(* Let $E$ be finite, $\Omega=E^{\mathbb{Z}}$ with left shift $S$, and let $\phi:\Omega\to\mathbb{R}$ be continuous with the extensibility property. Then for every pair $\xi,\eta\in\Omega$ such that $\{k\in\mathbb{Z}:\xi_k\ne\eta_k\}$ is finite, the sequence $\rho_n(\xi,\eta)=\sum_{i=-n}^{n}[\phi(S^i\xi)-\phi(S^i\eta)]$, $n\ge0$, converges; denote the limit by $\rho(\xi,\eta)$. Moreover: (1) $\rho$ is a cocycle: for all $\xi,\eta,\zeta\in\Omega$ with $\xi_i=\eta_i=\zeta_i$ for all but finitely many $i$, $\rho(\xi,\zeta)=\rho(\xi,\eta)+\rho(\eta,\zeta)$; (2) $\rho$ is translation-invariant: $\rho(\xi,\eta)=\rho(S\xi,S\eta)$ whenever $\{k:\xi_k\ne\eta_k\}$ is finite; (3) for every finite $\Lambda\subset\mathbb{Z}$ and all $\eta_\Lambda,\zeta_\Lambda\in E^\Lambda$, the map $\xi\mapsto\rho(\eta_\Lambda\xi_{\mathbb{Z}\setminus\Lambda},\zeta_\Lambda\xi_{\mathbb{Z}\setminus\Lambda})$ is continuous on $\Omega$.
   Context: $E$ is finite with discrete topology, $\Omega=E^{\mathbb{Z}}$ has the product topology, $(S\omega)_i=\omega_{i+1}$. For $\omega\in\Omega$, $a\in E$, $\omega^a$ is the configuration equal to $a$ at site $0$ and to $\omega_k$ at $k\ne0$. A continuous $\phi$ has the extensibility property if for all $a,\tilde a\in E$ the functions $\sum_{i=-n}^{n}[\phi(S^i\omega^a)-\phi(S^i\omega^{\tilde a})]$ converge uniformly in $\omega\in\Omega$ as $n\to\infty$. For finite $\Lambda$, $\eta_\Lambda\xi_{\mathbb{Z}\setminus\Lambda}$ denotes the configuration equal to $\eta$ on $\Lambda$ and to $\xi$ off $\Lambda$. *)

From HB Require Import structures.
From mathcomp Require Import all_boot all_order all_algebra.
From mathcomp Require Import all_classical all_reals all_analysis.
From mathcomp Require Import finmap.
Set Implicit Arguments. Unset Strict Implicit. Unset Printing Implicit Defensive.
Import Order.TTheory GRing.Theory Num.Theory.
Import numFieldNormedType.Exports.
Local Open Scope classical_set_scope.
Local Open Scope ring_scope.

Definition Omega (E : finType) : topologicalType :=
  {ptws int -> discrete_topology E}.

(* S^i for i in Z : (S^i w)_k = w_{k+i}; S = shiftz 1 is the left shift. *)
Definition shiftz (E : finType) (i : int) (w : Omega E) : Omega E :=
  fun k => w (k + i).

Definition upd0 (E : finType) (w : Omega E) (a : E) : Omega E :=
  fun k => if k == 0 then a else w k.

Definition rho_n (R : realType) (E : finType) (phi : Omega E -> R)
    (xi eta : Omega E) (n : nat) : R :=
  \sum_(0 <= j < (2 * n).+1)
     (phi (shiftz (j%:Z - n%:Z) xi) - phi (shiftz (j%:Z - n%:Z) eta)).

Definition extensible (R : realType) (E : finType) (phi : Omega E -> R) : Prop :=
  forall a a' : E, exists g : Omega E -> R,
    {uniform, (fun n => (fun w : Omega E => rho_n phi (upd0 w a) (upd0 w a') n)) @ \oo --> g}.

Definition glue_cfg (E : finType) (L : {fset int}) (eta : L -> E) (xi : Omega E)
  : Omega E :=
  fun k => if insub k is Some k' then eta k' else xi k.

(* Telescoping splits rho_n(xi, eta) into changes at single sites.  For a change
   at site k, shifting by k turns rho_n into the sum of the extensibility property
   with its summation window moved by k.  Moving a window only trades terms
   phi(S^i xi) - phi(S^i eta) with |i| close to n; these tend to 0 because phi is
   uniformly continuous on the compact space Omega while S^i xi and S^i eta agree
   on ever larger blocks.  Hence each single-site term converges to g(S^k xi),
   where g is the uniform limit given by extensibility, and g is continuous as a
   uniform limit of continuous functions: this gives the continuity in (3) site by
   site.  The cocycle identity already holds for every rho_n, and translation
   invariance is one more window shift. *)

From HB Require Import structures.
From mathcomp Require Import all_boot all_order all_algebra.
From mathcomp Require Import all_classical all_reals all_analysis.
From mathcomp Require Import finmap.
From mathcomp Require Import zify ring lra.
Import Order.TTheory GRing.Theory Num.Theory.
Import numFieldNormedType.Exports.
Local Open Scope classical_set_scope.
Local Open Scope ring_scope.

Lemma finite_setN_seq (T : eqType) (P : T -> Prop) :
  finite_set [set x | ~ P x] -> exists s : seq T, forall x, x \notin s -> P x.
Proof.
move=> /finite_seqP [s sP]; exists s => x /negP xs; apply/not_notP => nPx.
by apply: xs; have : [set x | ~ P x] x by []; rewrite sP.
Qed.

Section Configurations.
Context {E : finType}.

Definition agree_within (M : nat) (u v : Omega E) :=
  forall k : int, `|k| <= M%:Z -> u k = v k.

Definition agree_off (s : seq int) (u v : Omega E) :=
  forall k : int, k \notin s -> u k = v k.

Definition upd (k : int) (a : E) (w : Omega E) : Omega E :=
  fun m => if m == k then a else w m.

Lemma Omega_ext (u v : Omega E) : u =1 v -> u = v.
Proof. exact: functional_extensionality_dep. Qed.

Lemma shiftzD i c (w : Omega E) : shiftz i (shiftz c w) = shiftz (i + c) w.
Proof. by apply: Omega_ext => m; rewrite /shiftz addrA. Qed.

Lemma shiftz0 (w : Omega E) : shiftz 0 w = w.
Proof. by apply: Omega_ext => m; rewrite /shiftz addr0. Qed.

Lemma upd_id k (w : Omega E) : upd k (w k) w = w.
Proof. by apply: Omega_ext => m; rewrite /upd; case: eqP => [->|]. Qed.

Lemma shiftz_upd k a (w : Omega E) : shiftz k (upd k a w) = upd0 (shiftz k w) a.
Proof.
apply: Omega_ext => m; rewrite /shiftz /upd /upd0.
by have -> : (m + k == k) = (m == 0) by lia.
Qed.

Lemma agree_off_glue_cfg (L : {fset int}) (eta zeta : L -> E) xi :
  agree_off L (glue_cfg eta xi) (glue_cfg zeta xi).
Proof. by move=> k kL; rewrite /glue_cfg insubN. Qed.

End Configurations.

Section OmegaTopology.
Context {E : finType}.

Lemma nbhs_coord (v : Omega E) (k : int) : nbhs v [set x : Omega E | x k = v k].
Proof. exact: (@proj_continuous int (fun=> discrete_topology E) k v _ (discrete_set1 _)). Qed.

Lemma continuous_coordwise (X : topologicalType) (f : X -> Omega E) :
  (forall k x, \forall y \near x, f y k = f x k) -> continuous f.
Proof.
move=> fk x; apply/(@pointwise_cvgP (discrete_topology int) (discrete_topology E)) => k.
exact/discrete_cvg/fk.
Qed.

WORK INSTRUCTIONS - From the records above, transcribe without alteration every line from the one with "forall k : int, k \notin s -> u k = v k." to the one with "Lemma shiftz0 (w : Omega E) : shiftz 0 w = w.", inclusive.

ANSWER TO THIS EXERCISE -
  forall k : int, k \notin s -> u k = v k.

Definition upd (k : int) (a : E) (w : Omega E) : Omega E :=
  fun m => if m == k then a else w m.

Lemma Omega_ext (u v : Omega E) : u =1 v -> u = v.
Proof. exact: functional_extensionality_dep. Qed.

Lemma shiftzD i c (w : Omega E) : shiftz i (shiftz c w) = shiftz (i + c) w.
Proof. by apply: Omega_ext => m; rewrite /shiftz addrA. Qed.

Lemma shiftz0 (w : Omega E) : shiftz 0 w = w.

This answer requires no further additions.